Больше про это со мной никто не говорил.
Гришин прочёл донесение при мне и спросил одно: лез ли я в бой.
Я сказал: нет.
— Тогда хорошо.
В стол он его не убрал. Отправил вечером наверх, своим порядком. Вместе с суточным.
Двенадцатое кончилось для меня не боем и не донесением, а тем, что я до трёх ночи просидел над одной строкой и так её и не написал.
Строка была про полосу.
Честно было бы так: видел вторично, узнаю, объяснить не могу. Три слова из четырёх в этой строке ничего не стоили.
Написать её проверяемо было нельзя: проверить мог только я, а меня в проверяющие по этому вопросу не поставил никто и никогда не поставит.
Я перепробовал четыре формулировки и все четыре зачеркнул.
Пятую написал и оставил, и это была не строка, а вопрос: «Наносит ли полосу в части всегда один человек и меняется ли рисунок при смене части?»
Вопрос был дурацкий, ответить на него могли трое человек на весь фронт, и ни одного из них я не знал.
Но вопрос — это единственная форма, в которой то, чего нельзя проверить, ложится в бумагу и не врёт.
Тринадцатого за мной пришли в половине одиннадцатого и повезли куда-то в сторону от дивизии, и всю дорогу — сорок минут по разбитому просёлку — я думал о том, что второй раз за четыре дня еду объясняться и второй раз не знаю о чём; про блокнот я тогда ещё не знал. Комната оказалась половиной хаты с занавешенным окном, и в ней сидели двое: офицер, назвавший себя одной фамилией без звания, и Левшин, невиданный мною с апреля и за эти месяцы поседевший ещё — не в висках, как Гришин, а весь, ровно, будто выцвел. На столе, между чернильницей и стаканом с холодным чаем, лежал раскрытый блокнот в тёмной обложке, покоробленный и в бурых разводах, и я потом узнал, что вытащили его из-под машины, из-под смятого борта, где он пролежал сутки.

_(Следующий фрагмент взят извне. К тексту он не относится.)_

Lemma real_analytic_R_rotation (f1 f2 g1 g2 p1 p2 q1 q2 : R -> R) :
  real_analytic_R f1 -> real_analytic_R f2 ->
  real_analytic_R g1 -> real_analytic_R g2 ->
  (forall x, is_derive f1 x (p1 x)) -> (forall x, is_derive f2 x (p2 x)) ->
  (forall x, is_derive g1 x (q1 x)) -> (forall x, is_derive g2 x (q2 x)) ->
  (forall x, f1 x ^ 2 + f2 x ^ 2 = g1 x ^ 2 + g2 x ^ 2) ->
  (forall x, p1 x ^ 2 + p2 x ^ 2 = q1 x ^ 2 + q2 x ^ 2) ->
  exists c1 c2 s, c1 ^ 2 + c2 ^ 2 = 1 /\ (s = 1 \/ s = -1) /\
    forall x, g1 x = c1 * f1 x - c2 * (s * f2 x) /\ g2 x = c1 * (s * f2 x) + c2 * f1 x.
Proof.
  intros Rf1 Rf2 Rg1 Rg2 Df1 Df2 Dg1 Dg2 Hnorm Hnorm'.
  destruct (classic (forall x, f1 x ^ 2 + f2 x ^ 2 = 0)) as [Hzero|Hnz].
  - exists 1, 0, 1. split; [ring|]. split; [now left|].
    intros x. pose proof (Hzero x) as Hf. pose proof Hf as Hg. rewrite Hnorm in Hg.
    assert (f1 x = 0 /\ f2 x = 0 /\ g1 x = 0 /\ g2 x = 0) by nra.
    split; lra.
  - apply not_all_ex_not in Hnz. destruct Hnz as [x0 Hx0].
    now apply (real_analytic_R_rotation_of_nonzero f1 f2 g1 g2 p1 p2 q1 q2 x0).
Qed.

Theorem mainTheorem5 (F G F' G' : R -> C) :
  real_analytic F -> real_analytic G ->
  (forall x : R, has_derivative_C F x (F' x)) ->
  (forall x : R, has_derivative_C G x (G' x)) ->
  (forall x : R, Cmod (F x) = Cmod (G x)) ->
  (forall x : R, Cmod (F' x) = Cmod (G' x)) ->
  exists c : C, Cmod c = 1%R /\
    ((forall x : R, G x = (c * F x)%C) \/
     (forall x : R, G x = (c * Cconj (F x))%C)).
Proof.
  intros HF HG DF DG Hmod Hmod'.
  destruct (real_analytic_components F HF) as [RF1 RF2].
  destruct (real_analytic_components G HG) as [RG1 RG2].
  destruct (real_analytic_R_rotation (fun x => Re (F x)) (fun x => Im (F x))
              (fun x => Re (G x)) (fun x => Im (G x)) (fun x => Re (F' x))
              (fun x => Im (F' x)) (fun x => Re (G' x)) (fun x => Im (G' x)))
    as [c1 [c2 [s [Hc [Hs Hrot]]]]]; auto;
    try (intros x; apply (is_derive_C_components _ x); first [apply DF | apply DG]);
    try (intros x; rewrite <- !Cmod2_alt; congruence).
  exists (c1, c2). split.
  - change (sqrt (c1 ^ 2 + c2 ^ 2) = 1). rewrite Hc. apply sqrt_1.
  - destruct Hs as [-> | ->]; [left | right]; intros x; destruct (Hrot x) as [H1 H2];
      unfold Re, Im in H1, H2; apply injective_projections; simpl; lra.
Qed.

Офицер сказал, что взяли его вчера, с той самой машины, и назвал место, которое мне ничего не говорило.
Рука у меня пошла к столу сама. Я её убрал.
Офицер повернул стол так, чтобы страница была видна мне, и держал её пальцем, не убирая руки ни на секунду. По-немецки я читаю плохо, но там было не только слово: на левой странице от руки шла схема — две пары, стрелки, короткая подпись сбоку, — и рисовал он такие же, какие рисовал я, только ровнее. На правой странице текст шёл в две колонки, и в левой стояли даты, и офицер называл мне их по одной и спрашивал, что в этот день делалось у нас.
Первая дата была зимняя, из-под Москвы, и что делалось у нас в тот день, я помнил без бумаги — помнил площадку, ватный чехол, который на морозе шёл углами, и человека, которого в тот день не уберёг, — и сказал только то, что относилось к делу: время, погоду и состав. Офицер записывал на полях блокнота, карандашом, мелко, и записывал с пропусками, и что из сказанного мною он счёл нужным, осталось мне неизвестным. Вторая — сентябрьская, сорок второго, и эта стояла у меня перед глазами без усилия, потому что в тот день у меня переменилась вся служба.
На третьей — ноябрьской, южной — я попросил остановиться.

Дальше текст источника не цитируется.